Рядом с ней сидел Вадим. Что ж, сосед как сосед! В меру заботлив, вежлив, наливает нарзан, передает тарелки с закусками, но ни в голосе его, ни во взгляде Надюша не замечает привычной нежности, той, что возвышает девушку в ее же глазах. Надя искала причину странного холодка и обидчиво хмурилась.
Начиналась цветная передача с северного строительства. Пока были вскрыты рудные пласты, а скоро здесь вырастет большой город. Мерцающая звездочка, которая сейчас светилась на экране, указывала лишь место будущего города за Полярным кругом. Телекамера находилась на самолете, поднялся он очень высоко, поэтому только и видна звездочка.
Но вот самолет стал быстро снижаться. Темнота уплыла за края экрана, в центре его светился кратер, наполненный до краев не кипящей лавой, а точно гигантскими раскаленными спицами. Это лучи прожекторов. Они ползали, как живые, упирались в края кратера, скользили вниз, где сразу укорачивались и пропадали. В другом месте мягко прыгали голубые фосфоресцирующие мячи и, взлетая вверх, лопались, окутывая кратер светлым дымком.
Самолет с телекамерой спускается ниже. На экране мелькают расплывчатые отблески. Изображение становится четче, яснее. Темная, будто залитая тушью, тундровая степь. Блестит, как серебряная стружка, извивающаяся река. Рядом вспыхивают и гаснут огни, а вдали виднеется светлая поверхность моря.
Медленно плыл самолет над землей, и глаз телекамеры смотрел вниз, на суровую северную природу. Все, что он видел, превращалось в электрические токи, попадало на передатчик, потом вниз, на контрольный приемный пункт, где сейчас дежурил инженер Дерябин, потом, по «системе Бабкина», через радиопрожектор - на зеркало диска и наконец в квартиру Вячеслава Акимовича.
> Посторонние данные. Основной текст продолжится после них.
Lemma omega_stepP rec s : (forall t, uniq t -> size (rec t) = size t) -> uniq s ->
  omega_step_spec rec s (omega_step rec s).
Proof.
move=> size_rec uniq_s; rewrite /omega_step.
case: ifP => [dec|/negbT nondec]; first exact: OmegaDec.
have ns : maxl s \in s by apply/maxl_mem; apply: contraNneq nondec => ->.
move: (cat_take_index_drop ns); move En: (maxl s) => n.
move EA: (take _ s) => A; move EB: (drop _ s) => B sE; subst s.
have lt_AB : all (gtn n) (A ++ B).
  apply/allP => x xAB; rewrite /gtn /= ltn_neqAle -En leq_bigmax_seq ?andbT //.
    apply: contraTneq xAB => ->; rewrite En.
    by move: uniq_s; rewrite -cat1s uniq_catCA cat1s cons_uniq => /andP[].
  by move: xAB; rewrite !mem_cat inE => /orP[->|->]; rewrite ?orbT.
case: A {EA EB ns} nondec En lt_AB uniq_s => [|a A] nondec En lt_AB uniq_s.
  by apply: OmegaFirst => //; move: nondec; rewrite /= lt_AB.
case: ifP => [/andP[/eqP B0 decA]|nondeg].
  subst B; rewrite cats0 in lt_AB; rewrite cats1 in nondec En *.
  exact: OmegaLast.
have cut : max_cut (a :: A) n B (minl (a :: A)).
  by split; rewrite // ?minl_le // minl_mem.
case E: (rec _) => [|h B'].
  by move: E => /(congr1 size); rewrite size_rec //; apply: max_cut_uniq_a1B cut.
by apply: OmegaMid E; rewrite // -negb_and nondeg.
Qed.

(* [f] is fuel: [omega_seq f s] is the bijection when [size s <= f]; the
   fallback [s] of [omega_step] is never reached on duplicate-free input. *)
Fixpoint omega_seq (f : nat) (s : seq nat) : seq nat :=
  if f is f'.+1 then omega_step (omega_seq f') s else s.
(* The dual norm of the dual space $\mathcal R^*$ of Read's space $\mathcal R=(c_0,|||\cdot|||)$ is $2/3$-rough, i.e. for every $x^*\in\mathcal R^*$, $$\limsup_{|||h|||\to 0}\frac{|||x^*+h|||+|||x^*-h|||-2|||x^*|||}{|||h|||}\ge \frac23,$$ where $|||\cdot|||$ on $\mathcal R^*$ denotes the dual norm. In particular, the norm of $\mathcal R^*$ is not Fréchet differentiable at any point.
   Context: Let $c_{00}(\mathbb Q)$ be the set of finitely supported sequences with rational coefficients, and let $(u_n)_{n\in\mathbb N}$ be a sequence in $c_{00}(\mathbb Q)$ which lists every element of $c_{00}(\mathbb Q)$ infinitely many times. Let $(a_n)_{n\in\mathbb N}$ be a strictly increasing sequence of positive integers with $a_n>\max\operatorname{supp} u_n$ and $a_n>\|u_n\|_1$ for every $n$. $(e_n)$ denotes the canonical unit vectors and $\langle x,y\rangle=\sum_n x_ny_n$. Read's norm on $c_0$ is $|||x||| = \|x\|_\infty + \sum_{n} 2^{-a_n^2}|\langle x, u_n - e_{a_n}\rangle|$, and Read's space is $\mathcal R=(c_0,|||\cdot|||)$ (real scalars). A norm on a Banach space $Z$ is $\varepsilon$-rough ($\varepsilon>0$) if $\limsup_{\|h\|\to0}\frac{\|z+h\|+\|z-h\|-2\|z\|}{\|h\|}\ge\varepsilon$ for every $z\in Z$. *)

From Stdlib Require Import Reals QArith.
From Coquelicot Require Import Coquelicot.
Open Scope R_scope.
Lemma meixner2_mass_recurrence b : 0 < b ->
  meixner2_mass b = (1 - c) * meixner2_mass (b + 1).
Proof.
move=> b0; have b_neq0 : b != 0 by rewrite gt_eqF.
have w_succ k : w (b + 1) k = w b k + b^-1 * (ffactr 1 k%:R * w b k).
  have poch_succ : pochhammer (b + 1) k = pochhammer b k * (b + k%:R) / b.
    have := pochhammerD b 1 k; rewrite add1n !pochhammerS pochhammer0 mul1r addr0.
    by move=> ->; field.
  rewrite ffactrS ffactr0 mul1r subr0 /meixner2_weight poch_succ.
  have kf : ((k`!)%:R : R) != 0 by rewrite pnatr_eq0 -lt0n fact_gt0.
  by field; rewrite kf b_neq0.
have mass_succ : series (w (b + 1)) @ \oo -->
    meixner2_mass b + b^-1 * (c ^+ 1 * pochhammer b 1 * meixner2_mass (b + 1%:R)).
  rewrite (funext w_succ) series_add; apply: cvgD; first exact: meixner2_mass_cvg.
  by rewrite series_scale; apply: cvgMl_tmp; exact: ffactr_moment_cvg.
have := cvg_lim (@norm_hausdorff _ R^o) mass_succ.
rewrite -/(meixner2_mass (b + 1)) pochhammerS pochhammer0 mul1r addr0 expr1.
by move=> mass_eq; rewrite mulrBl mul1r {1}mass_eq; field.
Qed.

Lemma meixner2_mass_shift b i : 0 < b ->
  meixner2_mass (b + i%:R) = meixner2_mass b / (1 - c) ^+ i.
Proof.
move=> b0; have c1 : 1 - c != 0 by rewrite subr_eq0 eq_sym lt_eqF.
elim: i => [|i IH]; first by rewrite addr0 expr0 divr1.
have bi : 0 < b + i%:R by rewrite ltr_wpDr ?ler0n.
rewrite -natr1 addrA exprS.
apply: (mulfI c1); rewrite -meixner2_mass_recurrence // IH.
by field; rewrite c1 expf_neq0.
Qed.

Lemma ffactr_comb_moment_cvg b d (g : nat -> R) : 0 < b ->
  series (fun k => (\sum_(i < d) g i * ffactr i k%:R) * w b k) @ \oo -->
    meixner2_mass b * \sum_(i < d) g i * (pochhammer b i * (c / (1 - c)) ^+ i).
Proof.
move=> b0; elim: d => [|d IH].
  under eq_fun do rewrite big_ord0 mul0r.
  rewrite big_ord0 mulr0.
  have -> : series (fun=> 0 : R) = fun=> 0 by apply: funext => n; rewrite /series /= big1.
  exact: cvg_cst.
under eq_fun do rewrite big_ord_recr /= mulrDl.
rewrite big_ord_recr /= mulrDr series_add; apply: cvgD; first exact: IH.
under eq_fun do rewrite -mulrA.
have c1 : 1 - c != 0 by rewrite subr_eq0 eq_sym lt_eqF.
rewrite series_scale (_ : _ * (g d * _) =
    g d * (c ^+ d * pochhammer b d * meixner2_mass (b + d%:R))); last first.
  by rewrite meixner2_mass_shift // expr_div_n; field; rewrite expf_neq0.
by apply: cvgMl_tmp; exact: ffactr_moment_cvg.
Qed.

End MeixnerWeight.

Section MomentTransform.
Variable R : comRingType.
Implicit Types (g : nat -> R) (F : R -> R).

Definition supported_below d g := forall i, (d <= i)%N -> g i = 0.

(* Coefficients of [x * Q x] when those of [Q] in the basis [ffactr i] are [g],
   from [x * ffactr i x = ffactr i.+1 x + i * ffactr i x]. *)
Definition ffactr_mulX g : nat -> R :=
  fun i => (if i is i'.+1 then g i' else 0) + i%:R * g i.

Lemma supported_below_mulX d g :
  supported_below d g -> supported_below d.+1 (ffactr_mulX g).
Proof. by move=> g0 [|i] di //; rewrite /ffactr_mulX !g0 ?mulr0 ?addr0 // ltnW. Qed.

Lemma sum_ffactr_mulX d g (G : nat -> R) : supported_below d g ->
  \sum_(i < d.+1) ffactr_mulX g i * G i =
  \sum_(i < d) g i * G i.+1 + \sum_(i < d) i%:R * g i * G i.
Proof.
move=> g0; under eq_bigr do rewrite mulrDl.
rewrite big_split /= big_ord_recl /= mul0r add0r big_ord_recr /= g0 // mulr0 mul0r addr0.
by congr (_ + _); apply: eq_bigr => i _.
Qed.

Lemma ffactr_mulX_eval d g x : supported_below d g ->
  x * \sum_(i < d) g i * ffactr i x = \sum_(i < d.+1) ffactr_mulX g i * ffactr i x.
Proof.
move=> g0; rewrite (sum_ffactr_mulX (fun i => ffactr i x)) // -big_split big_distrr /=.
by apply: eq_bigr => i _; rewrite ffactrS; ring.
Qed.

Lemma supported_below_iter_mulX d g j :
  supported_below d g -> supported_below (d + j) (iter j ffactr_mulX g).
Proof.
by move=> g0; elim: j => [|j IH]; rewrite ?addn0 // addnS; exact: supported_below_mulX.
Qed.

Lemma iter_ffactr_mulX_eval d g j x : supported_below d g ->
  x ^+ j * \sum_(i < d) g i * ffactr i x =
    \sum_(i < d + j) iter j ffactr_mulX g i * ffactr i x.
Proof.
move=> g0; elim: j => [|j IH]; first by rewrite expr0 mul1r addn0.
rewrite addnS exprS -mulrA IH ffactr_mulX_eval //; exact: supported_below_iter_mulX.
Qed.

Variable u : R.

(* For [u = c / (1 - c)], the value at [- b] is the sum of [\sum_i g i * ffactr i k]
   against [meixner2_weight b c], divided by the total mass ([ffactr_comb_moment_cvg]). *)
Definition moment_transform d g (y : R) := \sum_(i < d) g i * (- u) ^+ i * ffactr i y.

Definition moment_shift F (y : R) := y * (F y - (1 + u) * F (y - 1)).

Lemma moment_transform_mulX d g y : supported_below d g ->
  moment_transform d.+1 (ffactr_mulX g) y = moment_shift (moment_transform d g) y.
Proof.
move=> g0; rewrite /moment_transform /moment_shift.
under eq_bigr do rewrite -mulrA.
rewrite (sum_ffactr_mulX (fun i => (- u) ^+ i * ffactr i y)) // mulrBr !big_distrr.
rewrite -sumrB -big_split /=; apply: eq_bigr => i _.
have shiftl : y * ffactr i (y - 1) = ffactr i y * (y - i%:R) by rewrite -ffactrSl ffactrS.
transitivity (y * (g i * (- u) ^+ i * ffactr i y) -
  (1 + u) * g i * (- u) ^+ i * (y * ffactr i (y - 1))); last by ring.
by rewrite shiftl ffactrS exprS; ring.
Qed.

Lemma moment_transform_iter_mulX d g j y : supported_below d g ->
  moment_transform (d + j) (iter j ffactr_mulX g) y =
    iter j moment_shift (moment_transform d g) y.
Proof.
move=> g0; elim: j y => [|j IH] y; first by rewrite addn0.
rewrite addnS /= moment_transform_mulX; last exact: supported_below_iter_mulX.
by rewrite /moment_shift !IH.
Qed.

End MomentTransform.

Arguments ffactr_mulX {R}.

Lemma moment_transform_opp {R : realType} (u : R) d g b :
  moment_transform u d g (- b) = \sum_(i < d) g i * (pochhammer b i * u ^+ i).
Proof.
apply: eq_bigr => i _; rewrite exprNn ffactr_opp.
transitivity (g i * ((-1) ^+ i * (-1) ^+ i) * u ^+ i * pochhammer b i); first by ring.
by rewrite -exprMn mulN1r opprK expr1n; ring.
Qed.

Lemma moment_shift_roots {R : realType} (u : R) n (F : R -> R) (b : R) :
  1 + u != 0 -> 0 < b ->
  (forall j, (j < n)%N -> iter j (moment_shift u) F (- b) = 0) ->
  forall s, (s < n)%N -> F (- b - s%:R) = 0.
Proof.
move=> u1 b0; elim: n F => [|n IH] F vanish s //.
rewrite ltnS leq_eqVlt => /orP[/eqP -> | sn]; last first.
  by apply: IH => // j jn; apply: vanish; exact: ltnW.
case: n IH vanish => [|n] IH vanish; first by rewrite subr0; exact: (vanish 0%N).
have F_root : F (- b - n%:R) = 0 by apply: IH => // j jn; apply: vanish; exact: ltnW.
have shift_root : moment_shift u F (- b - n%:R) = 0.
  by apply: (IH (moment_shift u F)) => // j jn; rewrite -iterSr; exact: vanish.
have bn : - b - n%:R != 0 by rewrite -opprD oppr_eq0 gt_eqF // ltr_wpDr ?ler0n.
move: shift_root; rewrite /moment_shift F_root sub0r => /eqP.
rewrite mulf_eq0 (negbTE bn) oppr_eq0 mulf_eq0 (negbTE u1) /= => /eqP.
by rewrite -natr1 opprD addrA.
Qed.

Section FallingFactorialPoly.
Variable R : idomainType.

Definition ffactp (i : nat) : {poly R} := \prod_(t < i) ('X - (t%:R)%:P).

Lemma ffactp_eval i x : (ffactp i).[x] = ffactr i x.
Proof. by rewrite /ffactp horner_prod; apply: eq_bigr => t _; rewrite hornerXsubC. Qed.

Lemma ffactp_monic i : ffactp i \is monic.
Proof. exact: monic_prod_XsubC. Qed.

Lemma size_ffactp i : size (ffactp i) = i.+1.
Proof.
elim: i => [|i IH]; first by rewrite /ffactp big_ord0 size_poly1.
rewrite /ffactp big_ord_recr /= size_Mmonic ?monicXsubC -/(ffactp i) ?size_XsubC ?IH //.
- by rewrite addn2.
- by rewrite -size_poly_gt0 IH.
Qed.

Lemma coef_ffactp_lead i : (ffactp i)`_i = 1.
Proof. by have := ffactp_monic i; rewrite monicE lead_coefE size_ffactp => /eqP. Qed.

Lemma leq_size_coef (q : {poly R}) d : (size q <= d.+1)%N -> q`_d = 0 -> (size q <= d)%N.
Proof.
move=> /leq_sizeP qd qd0; apply/leq_sizeP => j; rewrite leq_eqVlt => /orP[/eqP <- //|].
exact: qd.
Qed.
Он, так же как и многие другие специалисты, принимающие эту пробную передачу в разных концах страны, смотрел не только на экран, но и в программу испытаний, где было подробно указано, что и в какое время будет передаваться, отмечены высоты подъема диска и самолетов, приложена схема, в каких местах установлены наземные телекамеры.
В левом углу экрана появилась яркая звезда, она мерцала, как Сириус в вечернем небе, иногда пропадала совсем, - возможно, проносились мимо ветром гонимые облака.
На облачном фоне вспыхнула красная цифра «3». Пичуев посмотрел в программу. Сейчас Борис Захарович Дерябин переключит телекамеры, передача пойдет с вертолета.
Лева пододвинулся поближе, чтоб рассмотреть все детали. Видно, Набатников всерьез увлек его своей мечтой о «теплых городах». В грудах развороченной земли Лева уже видел осуществление этой мечты.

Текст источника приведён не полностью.